Nothing should be left out: write out the whole listing exactly.

Material for this task:

'''

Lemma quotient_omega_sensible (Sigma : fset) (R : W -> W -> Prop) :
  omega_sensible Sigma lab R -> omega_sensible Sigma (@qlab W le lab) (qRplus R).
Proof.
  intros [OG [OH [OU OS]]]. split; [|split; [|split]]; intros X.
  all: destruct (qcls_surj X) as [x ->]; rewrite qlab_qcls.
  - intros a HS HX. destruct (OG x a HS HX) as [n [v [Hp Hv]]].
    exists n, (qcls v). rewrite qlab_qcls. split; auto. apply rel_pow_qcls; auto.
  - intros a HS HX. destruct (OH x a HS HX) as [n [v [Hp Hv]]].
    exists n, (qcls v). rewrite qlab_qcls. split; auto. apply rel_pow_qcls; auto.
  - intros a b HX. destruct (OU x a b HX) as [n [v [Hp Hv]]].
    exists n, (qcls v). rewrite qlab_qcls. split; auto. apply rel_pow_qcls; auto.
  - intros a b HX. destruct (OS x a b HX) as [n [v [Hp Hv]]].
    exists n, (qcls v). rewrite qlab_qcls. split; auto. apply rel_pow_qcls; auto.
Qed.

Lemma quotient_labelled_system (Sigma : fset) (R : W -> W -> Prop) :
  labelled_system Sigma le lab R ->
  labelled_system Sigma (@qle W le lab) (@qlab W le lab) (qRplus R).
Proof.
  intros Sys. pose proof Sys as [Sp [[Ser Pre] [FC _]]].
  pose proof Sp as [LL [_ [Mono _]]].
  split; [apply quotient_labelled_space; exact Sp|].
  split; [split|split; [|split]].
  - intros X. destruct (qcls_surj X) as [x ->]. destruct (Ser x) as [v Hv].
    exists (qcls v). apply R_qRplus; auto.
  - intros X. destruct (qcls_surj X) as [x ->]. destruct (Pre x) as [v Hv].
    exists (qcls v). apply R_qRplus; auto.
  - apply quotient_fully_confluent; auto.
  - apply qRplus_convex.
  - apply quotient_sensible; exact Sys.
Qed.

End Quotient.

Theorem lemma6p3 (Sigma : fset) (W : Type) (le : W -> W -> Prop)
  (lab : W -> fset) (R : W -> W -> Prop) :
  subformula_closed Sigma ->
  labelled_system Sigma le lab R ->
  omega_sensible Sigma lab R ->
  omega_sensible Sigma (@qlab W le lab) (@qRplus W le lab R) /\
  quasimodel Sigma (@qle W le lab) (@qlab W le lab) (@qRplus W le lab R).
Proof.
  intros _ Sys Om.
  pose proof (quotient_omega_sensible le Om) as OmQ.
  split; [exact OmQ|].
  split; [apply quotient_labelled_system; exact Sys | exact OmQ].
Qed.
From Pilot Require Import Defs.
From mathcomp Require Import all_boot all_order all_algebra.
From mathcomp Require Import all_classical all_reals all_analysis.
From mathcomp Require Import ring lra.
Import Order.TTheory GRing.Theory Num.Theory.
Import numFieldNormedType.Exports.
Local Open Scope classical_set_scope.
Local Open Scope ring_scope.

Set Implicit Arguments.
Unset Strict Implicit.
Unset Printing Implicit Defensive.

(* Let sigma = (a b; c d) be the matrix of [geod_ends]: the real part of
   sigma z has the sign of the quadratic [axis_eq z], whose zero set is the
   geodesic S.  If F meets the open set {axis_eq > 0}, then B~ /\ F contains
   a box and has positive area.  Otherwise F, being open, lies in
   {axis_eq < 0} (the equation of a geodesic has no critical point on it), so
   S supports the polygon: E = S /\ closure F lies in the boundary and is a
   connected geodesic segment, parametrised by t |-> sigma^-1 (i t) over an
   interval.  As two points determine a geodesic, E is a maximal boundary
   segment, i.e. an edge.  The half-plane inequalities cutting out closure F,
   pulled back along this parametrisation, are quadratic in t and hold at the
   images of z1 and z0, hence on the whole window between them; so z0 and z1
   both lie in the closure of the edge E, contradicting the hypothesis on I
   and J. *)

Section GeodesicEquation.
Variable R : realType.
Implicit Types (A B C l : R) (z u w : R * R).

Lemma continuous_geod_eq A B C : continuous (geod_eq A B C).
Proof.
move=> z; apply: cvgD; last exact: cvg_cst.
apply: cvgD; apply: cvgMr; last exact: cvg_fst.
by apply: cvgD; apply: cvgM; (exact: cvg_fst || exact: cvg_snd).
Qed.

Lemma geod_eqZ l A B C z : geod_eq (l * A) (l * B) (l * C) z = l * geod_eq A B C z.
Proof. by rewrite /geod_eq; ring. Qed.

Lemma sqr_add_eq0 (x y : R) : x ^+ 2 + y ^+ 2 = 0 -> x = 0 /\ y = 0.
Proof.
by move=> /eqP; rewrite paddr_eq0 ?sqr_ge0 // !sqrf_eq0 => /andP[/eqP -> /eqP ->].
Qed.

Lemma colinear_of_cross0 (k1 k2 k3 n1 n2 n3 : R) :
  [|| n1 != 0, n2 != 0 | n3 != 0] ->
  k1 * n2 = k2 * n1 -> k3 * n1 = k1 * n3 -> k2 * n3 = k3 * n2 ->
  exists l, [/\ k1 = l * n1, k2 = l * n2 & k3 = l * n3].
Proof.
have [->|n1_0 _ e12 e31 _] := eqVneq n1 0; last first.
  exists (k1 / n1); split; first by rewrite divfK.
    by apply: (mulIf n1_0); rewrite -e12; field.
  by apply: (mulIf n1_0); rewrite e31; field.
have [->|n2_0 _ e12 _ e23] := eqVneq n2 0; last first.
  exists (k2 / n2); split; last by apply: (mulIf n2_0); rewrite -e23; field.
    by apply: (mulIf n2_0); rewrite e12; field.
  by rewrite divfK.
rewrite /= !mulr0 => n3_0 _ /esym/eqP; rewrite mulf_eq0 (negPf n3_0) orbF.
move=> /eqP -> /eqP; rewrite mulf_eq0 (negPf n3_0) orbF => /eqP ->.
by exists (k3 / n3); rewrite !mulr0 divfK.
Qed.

'''

Response:
Lemma quotient_omega_sensible (Sigma : fset) (R : W -> W -> Prop) :
  omega_sensible Sigma lab R -> omega_sensible Sigma (@qlab W le lab) (qRplus R).
Proof.
  intros [OG [OH [OU OS]]]. split; [|split; [|split]]; intros X.
  all: destruct (qcls_surj X) as [x ->]; rewrite qlab_qcls.
  - intros a HS HX. destruct (OG x a HS HX) as [n [v [Hp Hv]]].
    exists n, (qcls v). rewrite qlab_qcls. split; auto. apply rel_pow_qcls; auto.
  - intros a HS HX. destruct (OH x a HS HX) as [n [v [Hp Hv]]].
    exists n, (qcls v). rewrite qlab_qcls. split; auto. apply rel_pow_qcls; auto.
  - intros a b HX. destruct (OU x a b HX) as [n [v [Hp Hv]]].
    exists n, (qcls v). rewrite qlab_qcls. split; auto. apply rel_pow_qcls; auto.
  - intros a b HX. destruct (OS x a b HX) as [n [v [Hp Hv]]].
    exists n, (qcls v). rewrite qlab_qcls. split; auto. apply rel_pow_qcls; auto.
Qed.

Lemma quotient_labelled_system (Sigma : fset) (R : W -> W -> Prop) :
  labelled_system Sigma le lab R ->
  labelled_system Sigma (@qle W le lab) (@qlab W le lab) (qRplus R).
Proof.
  intros Sys. pose proof Sys as [Sp [[Ser Pre] [FC _]]].
  pose proof Sp as [LL [_ [Mono _]]].
  split; [apply quotient_labelled_space; exact Sp|].
  split; [split|split; [|split]].
  - intros X. destruct (qcls_surj X) as [x ->]. destruct (Ser x) as [v Hv].
    exists (qcls v). apply R_qRplus; auto.
  - intros X. destruct (qcls_surj X) as [x ->]. destruct (Pre x) as [v Hv].
    exists (qcls v). apply R_qRplus; auto.
  - apply quotient_fully_confluent; auto.
  - apply qRplus_convex.
  - apply quotient_sensible; exact Sys.
Qed.

End Quotient.

Theorem lemma6p3 (Sigma : fset) (W : Type) (le : W -> W -> Prop)
  (lab : W -> fset) (R : W -> W -> Prop) :
  subformula_closed Sigma ->
  labelled_system Sigma le lab R ->
  omega_sensible Sigma lab R ->
  omega_sensible Sigma (@qlab W le lab) (@qRplus W le lab R) /\
  quasimodel Sigma (@qle W le lab) (@qlab W le lab) (@qRplus W le lab R).
Proof.
  intros _ Sys Om.
  pose proof (quotient_omega_sensible le Om) as OmQ.
  split; [exact OmQ|].
  split; [apply quotient_labelled_system; exact Sys | exact OmQ].
Qed.
From Pilot Require Import Defs.
From mathcomp Require Import all_boot all_order all_algebra.
From mathcomp Require Import all_classical all_reals all_analysis.
From mathcomp Require Import ring lra.
Import Order.TTheory GRing.Theory Num.Theory.
Import numFieldNormedType.Exports.
Local Open Scope classical_set_scope.
Local Open Scope ring_scope.

Set Implicit Arguments.
Unset Strict Implicit.
Unset Printing Implicit Defensive.

(* Let sigma = (a b; c d) be the matrix of [geod_ends]: the real part of
   sigma z has the sign of the quadratic [axis_eq z], whose zero set is the
   geodesic S.  If F meets the open set {axis_eq > 0}, then B~ /\ F contains
   a box and has positive area.  Otherwise F, being open, lies in
   {axis_eq < 0} (the equation of a geodesic has no critical point on it), so
   S supports the polygon: E = S /\ closure F lies in the boundary and is a
   connected geodesic segment, parametrised by t |-> sigma^-1 (i t) over an
   interval.  As two points determine a geodesic, E is a maximal boundary
   segment, i.e. an edge.  The half-plane inequalities cutting out closure F,
   pulled back along this parametrisation, are quadratic in t and hold at the
   images of z1 and z0, hence on the whole window between them; so z0 and z1
   both lie in the closure of the edge E, contradicting the hypothesis on I
   and J. *)

Section GeodesicEquation.
Variable R : realType.
Implicit Types (A B C l : R) (z u w : R * R).

Lemma continuous_geod_eq A B C : continuous (geod_eq A B C).
Proof.
move=> z; apply: cvgD; last exact: cvg_cst.
apply: cvgD; apply: cvgMr; last exact: cvg_fst.
by apply: cvgD; apply: cvgM; (exact: cvg_fst || exact: cvg_snd).
Qed.

Lemma geod_eqZ l A B C z : geod_eq (l * A) (l * B) (l * C) z = l * geod_eq A B C z.
Proof. by rewrite /geod_eq; ring. Qed.

Lemma sqr_add_eq0 (x y : R) : x ^+ 2 + y ^+ 2 = 0 -> x = 0 /\ y = 0.
Proof.
by move=> /eqP; rewrite paddr_eq0 ?sqr_ge0 // !sqrf_eq0 => /andP[/eqP -> /eqP ->].
Qed.

Lemma colinear_of_cross0 (k1 k2 k3 n1 n2 n3 : R) :
  [|| n1 != 0, n2 != 0 | n3 != 0] ->
  k1 * n2 = k2 * n1 -> k3 * n1 = k1 * n3 -> k2 * n3 = k3 * n2 ->
  exists l, [/\ k1 = l * n1, k2 = l * n2 & k3 = l * n3].
Proof.
have [->|n1_0 _ e12 e31 _] := eqVneq n1 0; last first.
  exists (k1 / n1); split; first by rewrite divfK.
    by apply: (mulIf n1_0); rewrite -e12; field.
  by apply: (mulIf n1_0); rewrite e31; field.
have [->|n2_0 _ e12 _ e23] := eqVneq n2 0; last first.
  exists (k2 / n2); split; last by apply: (mulIf n2_0); rewrite -e23; field.
    by apply: (mulIf n2_0); rewrite e12; field.
  by rewrite divfK.
rewrite /= !mulr0 => n3_0 _ /esym/eqP; rewrite mulf_eq0 (negPf n3_0) orbF.
move=> /eqP -> /eqP; rewrite mulf_eq0 (negPf n3_0) orbF => /eqP ->.
by exists (k3 / n3); rewrite !mulr0 divfK.
Qed.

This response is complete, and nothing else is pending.